Start of DATASET CONTENT

(* Let $(\Omega,+)$ be a group and $a,b,c$ subgroups such that $a\top b$ and $a,b$ commute elementwise. Then $(a,b,c)$ is a transversal triple (i.e. additionally $b\top c$ and $c\top a$) if and only if there is a group isomorphism $\Omega\cong a\times a$ under which $a$ corresponds to the first factor, $b$ to the second factor and $c$ to the diagonal. Moreover, in this case, the set $U'_{ab}:=U_{ab}\cap\mathit{Gras}(\Omega)$ is a torsor (subtorsor of $U_{ab}$) which, taking $c$ as base point, is isomorphic to the group $\mathrm{Aut}(a)$ of group automorphisms of $a$.
   Context: $(\Omega,+)$ is a group written additively but not necessarily abelian; $\mathit{Gras}(\Omega)$ is the set of subgroups. For subsets $x,y$, $x\top y$ means every $\omega\in\Omega$ has a unique decomposition $\omega=\xi+\eta$ with $\xi\in x,\eta\in y$. $U_{ab}$ is the set $\{x\subseteq\Omega: a\top x,\ x\top b\}$ with the torsor law $(x,y,z)\mapsto\Gamma(x,a,y,b,z)$, where $\Gamma(x,a,y,b,z)=\{\omega:\exists\alpha\in a,\beta\in b:\ \alpha+\omega+\beta\in y,\ \alpha+\omega\in z,\ \omega+\beta\in x\}$. A torsor with base point $c$ is regarded as the group with product $xz:=\Gamma(x,a,c,b,z)$ and neutral element $c$. *)

(* A (not necessarily abelian) group written additively. *)
Set Implicit Arguments.
Unset Strict Implicit.

Record Grp := MkGrp {
  carrier :> Type;
  gadd : carrier -> carrier -> carrier;
  gzero : carrier;
  gopp : carrier -> carrier;
  gaddA : forall x y z, gadd x (gadd y z) = gadd (gadd x y) z;
  gadd0l : forall x, gadd gzero x = x;
  gaddNl : forall x, gadd (gopp x) x = gzero
}.

Arguments gadd {g} _ _.
Arguments gzero {g}.
Arguments gopp {g} _.

Declare Scope grp_scope.
Delimit Scope grp_scope with grp.
Infix "+" := gadd : grp_scope.
Local Open Scope grp_scope.

Definition subset (O : Grp) := O -> Prop.

Definition is_subgroup (O : Grp) (x : subset O) : Prop :=
  x gzero /\ (forall u v, x u -> x v -> x (u + v)) /\ (forall u, x u -> x (gopp u)).

Definition top (O : Grp) (x y : subset O) : Prop :=
  forall w : O, exists xi eta, x xi /\ y eta /\ w = xi + eta /\
    (forall xi' eta', x xi' -> y eta' -> w = xi' + eta' -> xi' = xi /\ eta' = eta).

Definition Gamma (O : Grp) (x a y b z : subset O) : subset O :=
  fun w => exists alpha beta, a alpha /\ b beta /\
    y ((alpha + w) + beta) /\ z (alpha + w) /\ x (w + beta).

Definition U (O : Grp) (a b : subset O) : subset O -> Prop :=
  fun x => top a x /\ top x b.

Definition U' (O : Grp) (a b : subset O) : subset O -> Prop :=
  fun x => U a b x /\ is_subgroup x.

Definition is_hom_pair (O : Grp) (phi : O -> O * O) : Prop :=
  forall u v, phi (u + v) = (fst (phi u) + fst (phi v), snd (phi u) + snd (phi v)).

(* An automorphism of the subgroup a, represented by a map f : O -> O whose
   restriction to a matters; two such maps are identified iff they agree on a. *)
Definition is_aut_of (O : Grp) (a : subset O) (f : O -> O) : Prop :=
  (forall u, a u -> a (f u)) /\
  (forall u v, a u -> a v -> f (u + v) = f u + f v) /\
  (forall v, a v -> exists u, a u /\ f u = v /\ (forall u', a u' -> f u' = v -> u' = u)).

From Stdlib Require Import ClassicalEpsilon FunctionalExtensionality PropExtensionality.

(* Since [a] and [b] commute and [a ⊤ b], [O] is the internal direct product [a × b], with
   projections [pa] and [pb].  A subgroup [X] is a common complement of [a] and [b]
   ([X ∈ U'_ab]) exactly when it is the graph [{w | pa w = h (pb w)}] of an isomorphism
   [h : b -> a].  For [X = c] this yields the coordinates [w ↦ (pa w, h_c (pb w))] identifying
   [O] with [a × a] and [c] with the diagonal; conversely the diagonal of [a × a] is a common
   complement of the two factors.  On graphs, [Γ(X, a, Y, b, Z)] is the graph of
   [h_X ∘ h_Y⁻¹ ∘ h_Z], so [X ↦ h_X ∘ h_c⁻¹] maps the torsor [U'_ab] based at [c]
   isomorphically onto [Aut(a)]. *)

Local Open Scope grp_scope.

Section GroupLaws.
Context {O : Grp}.
Implicit Types x y z : O.

Lemma gadd_idem x : x + x = x -> x = gzero.
Proof. intro H. rewrite <- (gadd0l x) at 1. rewrite <- (gaddNl x), <- gaddA, H. reflexivity. Qed.

Lemma gaddNr x : x + gopp x = gzero.
Proof.
  apply gadd_idem.
  rewrite <- (gaddA x (gopp x) (x + gopp x)), (gaddA (gopp x) x (gopp x)), gaddNl, gadd0l.
  reflexivity.
Qed.

Lemma gadd0r x : x + gzero = x.
Proof. rewrite <- (gaddNl x), gaddA, gaddNr, gadd0l. reflexivity. Qed.

Lemma gaddKl x y : gopp x + (x + y) = y.
Proof. rewrite gaddA, gaddNl, gadd0l. reflexivity. Qed.

Lemma gaddKr x y : x + (gopp x + y) = y.
Proof. rewrite gaddA, gaddNr, gadd0l. reflexivity. Qed.

Lemma gaddI x y z : z + x = z + y -> x = y.
Proof. intro H. rewrite <- (gaddKl z x), H, gaddKl. reflexivity. Qed.

Lemma goppK x : gopp (gopp x) = x.
Proof. apply (gaddI _ _ (gopp x)). rewrite gaddNr, gaddNl. reflexivity. Qed.

Lemma goppD x y : gopp (x + y) = gopp y + gopp x.
Proof. apply (gaddI _ _ (x + y)). rewrite gaddNr, <- gaddA, gaddKr, gaddNr. reflexivity. Qed.

Lemma gopp0 : gopp (@gzero O) = gzero.
Proof. rewrite <- (gadd0l (gopp gzero)). apply gaddNr. Qed.

Lemma additive_zero (f : O -> O) :
  (forall x y, f (x + y) = f x + f y) -> f gzero = gzero.
Proof. intro fD. apply gadd_idem. rewrite <- fD, gadd0l. reflexivity. Qed.

End GroupLaws.

Ltac gsimp := repeat (rewrite ?goppD, ?goppK, ?gopp0, ?gadd0l, ?gadd0r, ?gaddNl, ?gaddNr,
   <- ?gaddA, ?gaddKl, ?gaddKr).
Ltac gsimpin H := repeat (rewrite ?goppD, ?goppK, ?gopp0, ?gadd0l, ?gadd0r, ?gaddNl, ?gaddNr,
   <- ?gaddA, ?gaddKl, ?gaddKr in H).

Section Subgroups.
Context {O : Grp}.
Implicit Types (x y : subset O) (u v w : O).

Lemma subgroup0 {x} : is_subgroup x -> x gzero.
Proof. intros [H _]. exact H. Qed.

Lemma subgroupD {x u v} : is_subgroup x -> x u -> x v -> x (u + v).
Proof. intros [_ [H _]]. apply H. Qed.

Lemma subgroupN {x u} : is_subgroup x -> x u -> x (gopp u).
Proof. intros [_ [_ H]]. apply H. Qed.

End Subgroups.
Lemma run_cover_average_le k l x c : uniq l -> (2 ^ k <= size l <= 2 ^ k.+1)%N ->
  {in l, forall d, 0 <= x d} -> c \in l ->
  run (cover_average k l) x c <= (\sum_(d <- l) x d) / (2 ^ k)%:R.
Proof.
move=> ul /andP [le1 le2] x_ge0 cl.
set N := (2 ^ k)%N; set l1 := take N l; set l2 := drop (size l - N) l.
have N_gt0 : (0 : R) < N%:R by rewrite ltr0n expn_gt0.
have sum_ge0 l' (f : config R T) : {in l', forall d, 0 <= f d} -> 0 <= \sum_(d <- l') f d.
  by move=> f_ge0; rewrite big_seq sumr_ge0.
set y := run (average k l1) x.
have hy d : y d = if d \in l1 then (\sum_(e <- l1) x e) / N%:R else x d.
  by rewrite /y run_average ?take_uniq ?size_take_pow.
have y_ge0 : {in l, forall d, 0 <= y d}.
  move=> d dl; rewrite hy; case: ifP => _; last exact: x_ge0.
  by apply: divr_ge0 (ltW N_gt0); apply: sum_ge0 => e /mem_take /x_ge0.
have sum_y : \sum_(d <- l) y d = \sum_(d <- l) x d.
  move: ul; rewrite -(cat_take_drop N l) !big_cat cat_uniq => /and3P [ul1 /hasPn dis _].
  rewrite sum_run_average ?size_take_pow //; congr (_ + _).
  by apply: eq_big_seq => d /dis /negbTE dl1; rewrite hy dl1.
rewrite run_cat run_average ?drop_uniq ?size_drop_pow // -/l2 -/y.
have [cl2|cl2] := boolP (c \in l2).
  apply: ler_wpM2r; first by rewrite invr_ge0 ltW.
  rewrite -sum_y.
  rewrite -[in X in _ <= X](cat_take_drop (size l - N) l) big_cat lerDr.
  by apply: sum_ge0 => d /mem_take /y_ge0.
have cl1 : c \in l1.
  move: cl; rewrite -(cat_take_drop (size l - N) l) mem_cat (negbTE cl2) orbF.
  have le : (size l - N <= N)%N by move: le2; rewrite expnS mul2n -addnn -/N; lia.
  by rewrite -(take_takel _ le) => /mem_take.
rewrite hy cl1; apply: ler_wpM2r; first by rewrite invr_ge0 ltW.
rewrite -[in X in _ <= X](cat_take_drop N l) big_cat lerDl.
by apply: sum_ge0 => d /mem_drop /x_ge0.
Qed.

End Run.

Section Levels.
Variable R : realType.

(* [level i j] is the level of red tank i-1 after it has met blue tanks
   0, ..., j-1, which is also the level of blue tank j-1 after it has met red
   tanks 0, ..., i-1; [level 0 j = 0] and [level i 0 = 1] are untouched tanks. *)
Fixpoint level (i : nat) : nat -> R :=
  if i is i'.+1 then
    fix level_i (j : nat) : R :=
      if j is j'.+1 then (level i' j'.+1 + level_i j') / 2 else 1
  else fun=> 0.

Lemma level0 j : level 0 j = 0. Proof. by []. Qed.
Lemma levelS0 i : level i.+1 0 = 1. Proof. by []. Qed.
Lemma levelSS i j : level i.+1 j.+1 = (level i j.+1 + level i.+1 j) / 2.
Proof. by []. Qed.

Lemma level_in01 i j : 0 <= level i j <= 1.
Proof.
elim: i j => [|i IHi] j; first by rewrite level0 lexx ler01.
elim: j => [|j IHj]; first by rewrite levelS0 ler01 lexx.
rewrite levelSS; have /andP [h1 h2] := IHi j.+1; move/andP: IHj => [h3 h4].
apply/andP; split; lra.
Qed.

Definition red_total (m j : nat) : R := \sum_(a < m) level a.+1 j.

Lemma red_total0 j : red_total 0 j = 0. Proof. by rewrite /red_total big_ord0. Qed.

Lemma red_totalS m j : red_total m.+1 j = red_total m j + level m.+1 j.
Proof. by rewrite /red_total big_ord_recr. Qed.

Lemma red_total_init m : red_total m 0 = m%:R.
Proof.
elim: m => [|m IH]; first by rewrite red_total0.
by rewrite red_totalS IH levelS0 -natr1.
Qed.

Lemma red_total_step m j : red_total m j = red_total m j.+1 + level m j.+1.
Proof.
elim: m => [|m IH]; first by rewrite !red_total0 level0 addr0.
rewrite !red_totalS IH levelSS; lra.
Qed.

Lemma red_totalSS m j :
  red_total m.+1 j.+1 = (red_total m j.+1 + red_total m.+1 j) / 2.
Proof. rewrite (red_total_step m.+1 j) red_totalS levelSS; lra. Qed.

Lemma red_blue_total m j : red_total m j + \sum_(b < j) level m b.+1 = m%:R.
Proof.
elim: j => [|j IH]; first by rewrite big_ord0 addr0 red_total_init.
by rewrite big_ord_recr /= addrCA -red_total_step addrC.
Qed.

Lemma sqrt_midpoint (a b : R) : 0 <= a -> 0 <= b ->
  Num.sqrt a + Num.sqrt b <= 2 * Num.sqrt ((a + b) / 2).
Proof.
move=> a_ge0 b_ge0; rewrite -ler_sqr ?nnegrE ?addr_ge0 ?mulr_ge0 ?sqrtr_ge0 //.
rewrite exprMn sqr_sqrtr ?divr_ge0 ?addr_ge0 //.
have := sqr_ge0 (Num.sqrt a - Num.sqrt b).
by rewrite sqrrB sqrrD !sqr_sqrtr //; lra.
Qed.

End of DATASET CONTENT

» INSTRUCTIONS TO FOLLOW: What is needed is an exact copy of the lines above, from the one containing "fun x => top a x /\ top x b." through the one containing "forall u v, phi", with nothing added.

» RESULT BELOW:
  fun x => top a x /\ top x b.

Definition U' (O : Grp) (a b : subset O) : subset O -> Prop :=
  fun x => U a b x /\ is_subgroup x.

Definition is_hom_pair (O : Grp) (phi : O -> O * O) : Prop :=
  forall u v, phi (u + v) = (fst (phi u) + fst (phi v), snd (phi u) + snd (phi v)).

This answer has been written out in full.